Going down the listing below, print exactly each line from the one with "have hyx : h" up to and including the one with "exact: le_trans (three_point_convex_derive1_le_slope", and skip the rest.
----- DATA LISTING
From HB Require Import structures.
From mathcomp Require Import all_boot all_order all_algebra.
From mathcomp Require Import all_classical all_reals all_analysis.
From mathcomp Require Import measurable_realfun.
From mathcomp Require Import ring lra.
Set Implicit Arguments. Unset Strict Implicit. Unset Printing Implicit Defensive.
Import Order.TTheory GRing.Theory Num.Theory.
Import numFieldNormedType.Exports.
Local Open Scope classical_set_scope.
Local Open Scope ring_scope.

(* Fix a direction θ.  By center-convexity the radii ρ >= 0 with
   s_k + (ρ/A) u(θ) ∈ Ω_k form an interval from 0 to A ρ0, where s_k + ρ0 u(θ)
   lies on the boundary of Ω_k, so that d_min <= ρ0 <= d_max.  The conditional
   probability of a correct decision is then J(A) = ∫_0^{A ρ0} f(ρ, θ) dρ, and for
   x < y < z in [A1, A2] its increments over [x, y] and [y, z] are at least
   (y - x) ρ0 f(y ρ0, θ) and at most (z - y) ρ0 f(y ρ0, θ), because f(., θ)
   decreases on [A1 d_min, A2 d_max].  So J is concave (as a chord inequality);
   integrating over θ and summing over the symbols, P_e satisfies the convex
   chord inequality on [A1, A2], and its one-sided difference quotients, hence
   its second derivative, are then nonnegative. *)

Section OneSidedDerivative.
Variable R : realType.
Implicit Types (P : R -> R) (x l : R).

Lemma derivable1_quotient_cvg P x : derivable P x 1 ->
  cvg ((fun h => h^-1 * (P (h + x) - P x)) @ 0^').
Proof.
move=> dP; have -> : (fun h => h^-1 * (P (h + x) - P x)) =
    (fun h => h^-1 *: ((P \o shift x) (h *: 1) - P x)).
  by apply: funext => h /=; rewrite [h *: 1]mulr1.
exact: dP.
Qed.

Lemma derive1_le_at_right P x l : derivable P x 1 ->
  (\forall h \near 0^'+, h^-1 * (P (h + x) - P x) <= l) -> derive1 P x <= l.
Proof.
move=> /derivable1_quotient_cvg dP near_l; rewrite /derive1 (cvg_at_rightE _ _ dP).
exact: limr_le (cvgP _ (cvg_dnbhs_at_right dP)) near_l.
Qed.

Lemma derive1_ge_at_right P x l : derivable P x 1 ->
  (\forall h \near 0^'+, l <= h^-1 * (P (h + x) - P x)) -> l <= derive1 P x.
Proof.
move=> /derivable1_quotient_cvg dP near_l; rewrite /derive1 (cvg_at_rightE _ _ dP).
exact: limr_ge (cvgP _ (cvg_dnbhs_at_right dP)) near_l.
Qed.

Lemma derive1_ge_at_left P x l : derivable P x 1 ->
  (\forall h \near 0^'-, l <= h^-1 * (P (h + x) - P x)) -> l <= derive1 P x.
Proof.
move=> /derivable1_quotient_cvg dP near_l; rewrite /derive1 (cvg_at_leftE _ _ dP).
exact: limr_ge (cvgP _ (cvg_dnbhs_at_left dP)) near_l.
Qed.

End OneSidedDerivative.

Section ThreePointConvexity.
Variable R : realType.

Definition three_point_convex (P : R -> R) (a b : R) : Prop :=
  forall x y z, a <= x -> x < y -> y < z -> z <= b ->
  (z - x) * P y <= (z - y) * P x + (y - x) * P z.

Variables (P : R -> R) (a b : R).
Hypothesis convP : three_point_convex P a b.

Lemma three_point_convex_derive1_le_slope x y : a <= x -> x < y -> y <= b ->
  derivable P x 1 -> derive1 P x <= (P y - P x) / (y - x).
Proof.
move=> ax xy yb dP; apply: derive1_le_at_right => //.
have yx0 : 0 < y - x by rewrite subr_gt0.
near=> h.
have h0 : 0 < h by near: h; exact: nbhs_right_gt.
have hyx : h < y - x by near: h; exact: nbhs_right_lt.
have := @convP x (h + x) y ax _ _ yb; rewrite ltrDr h0 -ltrBrDr hyx addrK => /(_ isT isT) cvx.
rewrite mulrC ler_pdivrMr // mulrAC ler_pdivlMr //; nra.
Unshelve. all: end_near.
Qed.

Lemma three_point_convex_slope_le_derive1 x y : a <= x -> x < y -> y <= b ->
  derivable P y 1 -> (P y - P x) / (y - x) <= derive1 P y.
Proof.
move=> ax xy yb dP; apply: derive1_ge_at_left => //.
have yx0 : 0 < y - x by rewrite subr_gt0.
near=> h.
have h0 : h < 0 by near: h; exact: nbhs_left_lt.
have hyx : - (y - x) < h by near: h; apply: nbhs_left_gt; rewrite oppr_lt0.
have := @convP x (h + y) y ax _ _ yb; rewrite gtrDr h0 -ltrBlDr => /(_ _ isT) cvx.
have {}cvx := cvx ltac:(lra).
have -> : h^-1 * (P (h + y) - P y) = (- h)^-1 * (P y - P (h + y)).
  by rewrite invrN mulNr -mulrN opprB.
have hN : 0 < - h by rewrite oppr_gt0.
rewrite ler_pdivrMr // -mulrA mulrC ler_pdivlMr //; nra.
Unshelve. all: end_near.
Qed.

Lemma three_point_convex_derive1_le x y : a <= x -> x < y -> y <= b ->
  derivable P x 1 -> derivable P y 1 -> derive1 P x <= derive1 P y.
Proof.
move=> ax xy yb dPx dPy.
exact: le_trans (three_point_convex_derive1_le_slope ax xy yb dPx)
  (three_point_convex_slope_le_derive1 ax xy yb dPy).
Qed.

Lemma three_point_convex_derive2_ge0 A : a < b -> a <= A <= b ->
  (\forall x \near A, derivable P x 1) -> derivable (derive1 P) A 1 ->
  0 <= derive1 (derive1 P) A.
Proof.
move=> ab /andP[aA Ab] dP_near dP'.
have dP := nbhs_singleton dP_near.
have dP_shift : \forall h \near 0, derivable P (h + A) 1.
  by move/nbhs0P: dP_near; apply: filterS => h; rewrite addrC.
have [Ab'|bA] := ltP A b.
  apply: derive1_ge_at_right => //; near=> h.
  have h0 : 0 < h by near: h; exact: nbhs_right_gt.
  apply: mulr_ge0; first by rewrite invr_ge0 ltW.
  rewrite subr_ge0; apply: three_point_convex_derive1_le => //.
  - by rewrite ltrDr.
  - by rewrite -lerBrDr; near: h; apply: nbhs_right_le; rewrite subr_gt0.
  - by near: h; exact: cvg_within dP_shift.
have aA' : a < A := lt_le_trans ab bA.
apply: derive1_ge_at_left => //; near=> h.
have h0 : h < 0 by near: h; exact: nbhs_left_lt.
apply: mulr_le0; first by rewrite invr_le0 ltW.
rewrite subr_le0; apply: three_point_convex_derive1_le => //.
- by rewrite -lerBlDr; near: h; apply: nbhs_left_ge; rewrite subr_lt0.
- by rewrite gtrDr.
- by near: h; exact: cvg_within dP_shift.
Unshelve. all: end_near.
Qed.

End ThreePointConvexity.

Lemma three_point_convex_sum {R : realType} {I : finType} (w : I -> R)
    (P : I -> R -> R) (a b : R) :
  (forall i, 0 <= w i) -> (forall i, three_point_convex (P i) a b) ->
  three_point_convex (fun A => \sum_i w i * P i A) a b.
Proof.
move=> w_ge0 convP x y z ax xy yz zb; rewrite !mulr_sumr -big_split /=.
apply: ler_sum => i _; rewrite mulrCA.
have -> : (z - y) * (w i * P i x) + (y - x) * (w i * P i z) =
    w i * ((z - y) * P i x + (y - x) * P i z) by ring.
by apply: ler_wpM2l; [exact: w_ge0 | exact: convP].
Qed.

Lemma three_point_convex_one_minus {R : realType} (P : R -> R) (a b : R) :
  (forall x y z, a <= x -> x < y -> y < z -> z <= b ->
    (z - y) * P x + (y - x) * P z <= (z - x) * P y) ->
  three_point_convex (fun A => 1 - P A) a b.
Proof.
move=> concP x y z ax xy yz zb; rewrite -subr_ge0.
have -> : (z - y) * (1 - P x) + (y - x) * (1 - P z) - (z - x) * (1 - P y) =
    (z - x) * P y - ((z - y) * P x + (y - x) * P z) by ring.
by rewrite subr_ge0 concP.
Qed.

Section IntervalIntegral.
Variable R : realType.
Local Notation leb := (@lebesgue_measure R).
Implicit Types (g : R -> R) (a c k : R) (l r : bool).

Lemma lebesgue_measure_itv_le l r a c : a <= c ->
  leb [set` Interval (BSide l a) (BSide r c)] = (c - a)%:E.
Proof.
move=> ac; rewrite lebesgue_measure_itv /= lte_fin.
case: ltP => [_|ca]; first by rewrite EFinB.
have -> : c = a by apply: le_anti; rewrite ca ac.
by rewrite subrr.
Qed.

Lemma integral_itv_cst l r a c k : a <= c ->
  (\int[leb]_(x in [set` Interval (BSide l a) (BSide r c)]) k%:E = (k * (c - a))%:E)%E.
Proof.
move=> ac; rewrite integral_cst; last exact: measurable_itv.
by rewrite EFinM; congr (_ * _)%E; exact: lebesgue_measure_itv_le.
Qed.

Lemma integral_itv_ge_cst l r g a c k : measurable_fun setT g -> a <= c -> 0 <= k ->
  (forall x, x \in Interval (BSide l a) (BSide r c) -> k <= g x) ->
  ((k * (c - a))%:E <= \int[leb]_(x in [set` Interval (BSide l a) (BSide r c)]) (g x)%:E)%E.
Proof.
move=> mg ac k0 kg; rewrite -(integral_itv_cst l r k ac).
apply: ge0_le_integral => //.
by apply/measurable_EFinP; exact: measurable_funS measurableT _ mg.
Qed.

Lemma integral_itv_le_cst l r g a c k : measurable_fun setT g -> a <= c ->
  (forall x, 0 <= g x) ->
  (forall x, x \in Interval (BSide l a) (BSide r c) -> g x <= k) ->
  (\int[leb]_(x in [set` Interval (BSide l a) (BSide r c)]) (g x)%:E <= (k * (c - a))%:E)%E.
Proof.
move=> mg ac g0 gk; rewrite -(integral_itv_cst l r k ac).
apply: ge0_le_integral => //; first by move=> x _; rewrite lee_fin.
by apply/measurable_EFinP; exact: measurable_funS measurableT _ mg.
Qed.

End IntervalIntegral.

(* The values at x, y and z are a, a + b and a + b + e. *)
Lemma lee_three_point_increments {R : realType} (a b e : \bar R) (x y z beta : R) :
  (0 <= a)%E -> (0 <= b)%E -> (0 <= e)%E -> x < y -> y < z ->
  (((y - x) * beta)%:E <= b)%E -> (e <= ((z - y) * beta)%:E)%E ->
  ((z - y)%:E * a + (y - x)%:E * (a + b + e) <= (z - x)%:E * (a + b))%E.
Proof.
move=> a0 b0 e0 xy yz lb ub.
have zx : (0 < (z - x)%:E)%E by rewrite lte_fin; lra.
case: a a0 => [a| |] // a0; case: b b0 lb => [b| |] // b0 lb;
  try by apply: le_trans (leey _) _; rewrite ?addye ?addey // gt0_muley.
case: e e0 ub => [e| |] //= e0 ub.
rewrite -!EFinD -!EFinM lee_fin.
rewrite !lee_fin in a0 b0 e0 lb ub.
have : (y - x) * e <= (z - y) * b.
  apply: le_trans (_ : (y - x) * ((z - y) * beta) <= _).
    by apply: ler_wpM2l => //; lra.
  by rewrite mulrCA; apply: ler_wpM2l => //; lra.
nra.
Qed.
----------
OUTPUT FOR THIS TASK =
have hyx : h < y - x by near: h; exact: nbhs_right_lt.
have := @convP x (h + x) y ax _ _ yb; rewrite ltrDr h0 -ltrBrDr hyx addrK => /(_ isT isT) cvx.
rewrite mulrC ler_pdivrMr // mulrAC ler_pdivlMr //; nra.
Unshelve. all: end_near.
Qed.

Lemma three_point_convex_slope_le_derive1 x y : a <= x -> x < y -> y <= b ->
  derivable P y 1 -> (P y - P x) / (y - x) <= derive1 P y.
Proof.
move=> ax xy yb dP; apply: derive1_ge_at_left => //.
have yx0 : 0 < y - x by rewrite subr_gt0.
near=> h.
have h0 : h < 0 by near: h; exact: nbhs_left_lt.
have hyx : - (y - x) < h by near: h; apply: nbhs_left_gt; rewrite oppr_lt0.
have := @convP x (h + y) y ax _ _ yb; rewrite gtrDr h0 -ltrBlDr => /(_ _ isT) cvx.
have {}cvx := cvx ltac:(lra).
have -> : h^-1 * (P (h + y) - P y) = (- h)^-1 * (P y - P (h + y)).
  by rewrite invrN mulNr -mulrN opprB.
have hN : 0 < - h by rewrite oppr_gt0.
rewrite ler_pdivrMr // -mulrA mulrC ler_pdivlMr //; nra.
Unshelve. all: end_near.
Qed.

Lemma three_point_convex_derive1_le x y : a <= x -> x < y -> y <= b ->
  derivable P x 1 -> derivable P y 1 -> derive1 P x <= derive1 P y.
Proof.
move=> ax xy yb dPx dPy.
exact: le_trans (three_point_convex_derive1_le_slope ax xy yb dPx)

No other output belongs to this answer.